Lemma Rabs_moment_coef_le r n :
  Rabs (moment_coef n * r ^ n) <= 2 * (B * gauss_tail_const (Rabs r)).
Proof.
  destruct (RInt_R_correct_bound (fun z => r ^ n / INR (fact n) * (z ^ n * phi z * g z))
              (B * gauss_tail_const (Rabs r))) as [_ Hle].
  - intros z. apply (continuous_mult (fun _ => r ^ n / INR (fact n)) (fun z => z ^ n * phi z * g z)).
    + apply continuous_const.
    + apply moment_integrand_continuous.
  - apply Rabs_moment_term_le.
  - unfold RInt_R in Hle. rewrite (is_RInt_gen_unique _ _ (is_RInt_gen_moment_term r n)) in Hle.
    exact Hle.
Qed.

Lemma CV_radius_moment_coef x : Rbar_lt (Rabs x) (CV_radius moment_coef).
Proof.
  destruct (CV_radius_bounded moment_coef) as [Hub _].
  assert (H : Rbar_le (Rabs x + 1) (CV_radius moment_coef)).
  { apply Hub. eexists. apply Rabs_moment_coef_le. }
  destruct (CV_radius moment_coef); simpl in *; auto; lra.
Qed.

Lemma tilted_integrand_continuous v z : continuous (fun x => phi x * exp (v * x) * g x) z.
Proof.
  apply (continuous_mult (fun x => phi x * exp (v * x)) g); auto.
  apply ex_derive_continuous_R. unfold phi. auto_derive. auto.
Qed.

Lemma Rabs_tilted_integrand_le v z :
  Rabs (phi z * exp (v * z) * g z) <= B * gauss_tail_const (Rabs v) * exp (- Rabs z).
Proof.
  assert (Hphi := phi_pos z). assert (Hg := g_le z). assert (HB := bound_ge0).
  assert (Hexp : exp (v * z) <= exp (Rabs v * Rabs z)).
  { apply exp_le_exp. rewrite <- Rabs_mult. apply Rle_abs. }
  pose proof (phi_mul_exp_le (Rabs v) z (Rabs_pos v)). pose proof (exp_pos (v * z)).
  rewrite !Rabs_mult, (Rabs_pos_eq (phi z)), (Rabs_pos_eq (exp _)) by lra.
  apply Rle_trans with (B * (phi z * exp (Rabs v * Rabs z))).
  - rewrite Rmult_comm. apply Rmult_le_compat; auto using Rabs_pos.
    + apply Rmult_le_pos; lra.
    + apply Rmult_le_compat_l; lra.
  - rewrite Rmult_assoc. apply Rmult_le_compat_l; auto.
Qed.

Lemma partial_moment_sum_eq v N z :
  sum_n (fun k => v ^ k / INR (fact k) * (z ^ k * phi z * g z)) N =
  sum_n (fun k => (v * z) ^ k / INR (fact k)) N * (phi z * g z).
Proof.
  rewrite <- (sum_n_mult_r (K := R_AbsRing)). apply sum_n_ext. intros k.
  rewrite Rpow_mult_distr. unfold mult; simpl. field. apply INR_fact_neq_0.
Qed.

Lemma Rabs_tilted_sub_partial_le v N z :
  Rabs (phi z * exp (v * z) * g z - sum_n (fun k => v ^ k / INR (fact k) * (z ^ k * phi z * g z)) N)
  <= B * (/ 2) ^ N * gauss_tail_const (2 * Rabs v) * exp (- Rabs z).
Proof.
  assert (Hphi := phi_pos z). assert (Hg := g_le z). assert (HB := bound_ge0).
  assert (H2N : 0 <= (/ 2) ^ N) by (apply pow_le; lra).
  pose proof (exp_taylor_remainder_le (v * z) N) as Hrem.
  rewrite Rabs_mult in Hrem.
  pose proof (phi_mul_exp_le (2 * Rabs v) z ltac:(pose proof (Rabs_pos v); lra)).
  rewrite partial_moment_sum_eq.
  replace (phi z * exp (v * z) * g z - _ * (phi z * g z))
    with (phi z * g z * (exp (v * z) - sum_n (fun k => (v * z) ^ k / INR (fact k)) N)) by ring.
  rewrite !Rabs_mult, (Rabs_pos_eq (phi z)) by lra.
  apply Rle_trans with (phi z * B * (exp (2 * Rabs v * Rabs z) * (/ 2) ^ N)).
  - apply Rmult_le_compat; try apply Rabs_pos.
    + apply Rmult_le_pos; [lra|apply Rabs_pos].
    + apply Rmult_le_compat_l; lra.
    + rewrite Rmult_assoc. exact Hrem.
  - replace (phi z * B * (exp (2 * Rabs v * Rabs z) * (/ 2) ^ N))
      with (B * (/ 2) ^ N * (phi z * exp (2 * Rabs v * Rabs z))) by ring.
    rewrite !(Rmult_assoc (B * _)). apply Rmult_le_compat_l; [nra|auto].
Qed.

Lemma is_series_moment_coef v :
  is_series (fun n => moment_coef n * v ^ n) (RInt_R (fun z => phi z * exp (v * z) * g z)).
Proof.
  set (S N z := sum_n (fun k => v ^ k / INR (fact k) * (z ^ k * phi z * g z)) N).
  set (D := B * gauss_tail_const (2 * Rabs v)).
  assert (Htilt := RInt_R_correct_bound _ _ (tilted_integrand_continuous v) (Rabs_tilted_integrand_le v)).
  assert (Hbound : forall N,
    Rabs (sum_n (fun n => moment_coef n * v ^ n) N - RInt_R (fun z => phi z * exp (v * z) * g z))
    <= 2 * D * (/ 2) ^ N).
  { intros N. rewrite Rabs_minus_sym.
    destruct (RInt_R_correct_bound (fun z => phi z * exp (v * z) * g z - S N z)
                (B * (/ 2) ^ N * gauss_tail_const (2 * Rabs v))) as [_ Hle].
    - intros z. apply (continuous_minus (fun x => phi x * exp (v * x) * g x) (S N)).
      + apply tilted_integrand_continuous.
      + apply (continuous_sum_n (fun k x => v ^ k / INR (fact k) * (x ^ k * phi x * g x))).
        intros k. apply (continuous_mult (fun _ => v ^ k / INR (fact k)) (fun x => x ^ k * phi x * g x)).
        * apply continuous_const.
        * apply moment_integrand_continuous.
    - apply Rabs_tilted_sub_partial_le.
    - assert (Hrem : is_RInt_gen (fun z => phi z * exp (v * z) * g z - S N z)
        (Rbar_locally m_infty) (Rbar_locally p_infty)
        (RInt_R (fun z => phi z * exp (v * z) * g z) - sum_n (fun n => moment_coef n * v ^ n) N)).
      { exact (is_RInt_gen_minus _ _ _ _
          (proj1 Htilt) (is_RInt_gen_sum_n _ _ N (is_RInt_gen_moment_term v))). }
      unfold RInt_R in Hle at 1. rewrite (is_RInt_gen_unique _ _ Hrem) in Hle.
      unfold D. eapply Rle_trans; [exact Hle|right; ring]. }
  apply (is_lim_seq_Rabs_sub_le _ _ _ Hbound).
  replace (Finite 0) with (Rbar_mult (2 * D) 0) by (simpl; f_equal; ring).
  apply is_lim_seq_scal_l, is_lim_seq_geom. rewrite Rabs_pos_eq; lra.
Qed.

Lemma RInt_R_phi_shift v :
  RInt_R (fun z => phi (z - v) * g z) = exp (- v ^ 2 / 2) * PSeries moment_coef v.
Proof.
  unfold PSeries. rewrite (is_series_unique _ _ (is_series_moment_coef v)).
  assert (Hf : (fun z => phi (z - v) * g z) =
               (fun z => exp (- v ^ 2 / 2) * (phi z * exp (v * z) * g z))).
  { apply functional_extensionality. intros z. unfold phi.
    replace (- (z - v) ^ 2 / 2) with (- v ^ 2 / 2 + (- z ^ 2 / 2 + v * z)) by field.
    rewrite !exp_plus. field. apply Rgt_not_eq, sqrt_2PI_pos. }
  rewrite Hf. unfold RInt_R. apply is_RInt_gen_unique.
  exact (is_RInt_gen_scal _ (exp (- v ^ 2 / 2)) _
    (proj1 (RInt_R_correct_bound _ _ (tilted_integrand_continuous v) (Rabs_tilted_integrand_le v)))).
Qed.

Lemma is_series_moment_derivative_terms v :
  is_series (fun n => v ^ n / INR (fact n) * (moment (n + 1) - v * moment n))
    (PSeries (PS_derive moment_coef) v - v * PSeries moment_coef v).
Proof.
  assert (Hv := CV_radius_moment_coef v).
  assert (HP : is_series (fun n => moment_coef n * v ^ n) (PSeries moment_coef v)).
  { apply Series_correct, ex_pseries_R, CV_radius_inside, Hv. }
  assert (HP' : is_series (fun n => PS_derive moment_coef n * v ^ n)
                  (PSeries (PS_derive moment_coef) v)).
  { apply Series_correct, ex_pseries_R, CV_radius_inside. rewrite CV_radius_derive. exact Hv. }
  eapply is_series_ext; [|exact (is_series_minus _ _ _ _ HP' (is_series_scal_l v _ _ HP))].
  intros n. unfold PS_derive, moment_coef. rewrite Nat.add_1_r, fact_simpl, mult_INR.
  rewrite S_INR. pose proof (INR_fact_neq_0 n). pose proof (pos_INR n).
  unfold minus, plus, opp, scal; simpl. unfold mult; simpl. field. lra.
Qed.

Lemma is_derive_RInt_R_phi_shift v :
  let terms := fun n => v ^ n / INR (fact n) * (moment (n + 1) - v * moment n) in
  ex_series terms /\
  is_derive (fun u => RInt_R (fun z => phi (z - u) * g z)) v (exp (- v ^ 2 / 2) * Series terms).
Proof.
  intros terms.
  assert (Hterms : is_series terms (PSeries (PS_derive moment_coef) v - v * PSeries moment_coef v))
    by apply is_series_moment_derivative_terms.
  split; [eexists; exact Hterms|]. rewrite (is_series_unique _ _ Hterms).
  apply (is_derive_ext (fun u => exp (- u ^ 2 / 2) * PSeries moment_coef u)).
  { intros u. symmetry. apply RInt_R_phi_shift. }
  replace (exp (- v ^ 2 / 2) * _) with
    ((- v * exp (- v ^ 2 / 2)) * PSeries moment_coef v +
     exp (- v ^ 2 / 2) * PSeries (PS_derive moment_coef) v) by ring.
  apply (is_derive_mult (fun u => exp (- u ^ 2 / 2)) (PSeries moment_coef)).
  - assert (Hgauss : is_derive (fun u => exp (- u ^ 2 / 2)) v (- v * exp (- v ^ 2 / 2))).
    { auto_derive; auto. replace (- (v * (v * 1)) * / 2) with (- v ^ 2 / 2) by field. lra. }
    exact Hgauss.
  - exact (is_derive_PSeries _ _ (CV_radius_moment_coef v)).
  - intros; apply Rmult_comm.
Qed.

End GaussianMoments.

Lemma Rpower_3_2 y : 0 < y -> Rpower y (3 / 2) = y * sqrt y.
Proof.
  intros Hy. replace (3 / 2) with (1 + / 2) by field.
  rewrite Rpower_plus, Rpower_1, Rpower_sqrt; auto.
Qed.

Lemma is_derive_nu a : -1 < a < 1 -> is_derive nu a (1 / Rpower (1 - a ^ 2) (3 / 2)).
Proof.
  intros Ha. assert (Hp : 0 < 1 - a ^ 2) by nra.
  rewrite Rpower_3_2 by exact Hp.
  assert (Hs := sqrt_lt_R0 _ Hp). assert (Hss := sqrt_sqrt _ (Rlt_le _ _ Hp)).
  unfold nu. auto_derive.
  - replace (1 + - (a * (a * 1))) with (1 - a ^ 2) by ring. lra.
  - replace (1 + - (a * (a * 1))) with (1 - a ^ 2) by ring.
    set (s := sqrt (1 - a ^ 2)) in *. field_simplify_eq; [nra|lra].
Qed.

Theorem proposition8 (K : nat) (alpha alpha' : R -> R)
  (hK : (2 <= K)%nat)
  (hrange : forall s, 0 <= alpha s < 1)
  (hder : forall s, is_derive alpha s (alpha' s)) :
  forall t : R,
    let nt := nu (alpha t) in
    let terms := fun n : nat =>
      nt ^ n / INR (fact n) * (I K n - nt * M K n) in
    ex_series terms /\
    is_derive (fun s => calT K (alpha s)) t
      (INR K * exp (- nt ^ 2 / 2) / (INR K - 1) *
       (alpha' t / Rpower (1 - alpha t ^ 2) (3 / 2)) * Series terms).
Proof.
  intros t nt terms.
  destruct (Phi_pow_continuous_bounded (K - 1)) as [B [g_cont g_le]].
  destruct (is_derive_RInt_R_phi_shift _ B g_cont g_le nt) as [Hex Hshift].
  split; [exact Hex|].
  assert (Hnu : is_derive (fun s => nu (alpha s)) t
                  (alpha' t * (1 / Rpower (1 - alpha t ^ 2) (3 / 2)))).
  { apply (is_derive_comp nu alpha); [apply is_derive_nu; pose proof (hrange t); lra|apply hder]. }
  assert (HK : 2 <= INR K) by (apply (le_INR 2); exact hK).
  assert (HP : 0 < Rpower (1 - alpha t ^ 2) (3 / 2)) by apply exp_pos.
  set (P := Rpower (1 - alpha t ^ 2) (3 / 2)) in *. set (S := Series terms).
  set (G u := RInt_R (fun z => phi (z - u) * Phi z ^ (K - 1))) in Hshift.
  apply (is_derive_ext (fun s => INR K / (INR K - 1) * (G (nu (alpha s)) - 1 / INR K)));
    [reflexivity|].
  replace (INR K * _ / _ * _ * _) with
    (INR K / (INR K - 1) * (alpha' t * (1 / P) * (exp (- nt ^ 2 / 2) * S) - 0))
    by (field; lra).
  apply (is_derive_scal (fun s => G (nu (alpha s)) - 1 / INR K)).
  apply (is_derive_minus _ (fun _ => 1 / INR K)).
  - exact (is_derive_comp G (fun s => nu (alpha s)) t _ _ Hshift Hnu).
  - exact (is_derive_const (K := R_AbsRing) (V := R_NormedModule) (1 / INR K) t).
Qed.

•••••

## The problem
Set down no line except those from the one with "(INR K / (INR" to the last line of the data, inclusive, each exactly as written.

## The answer
    (INR K / (INR K - 1) * (alpha' t * (1 / P) * (exp (- nt ^ 2 / 2) * S) - 0))
    by (field; lra).
  apply (is_derive_scal (fun s => G (nu (alpha s)) - 1 / INR K)).
  apply (is_derive_minus _ (fun _ => 1 / INR K)).
  - exact (is_derive_comp G (fun s => nu (alpha s)) t _ _ Hshift Hnu).
  - exact (is_derive_const (K := R_AbsRing) (V := R_NormedModule) (1 / INR K) t).
Qed.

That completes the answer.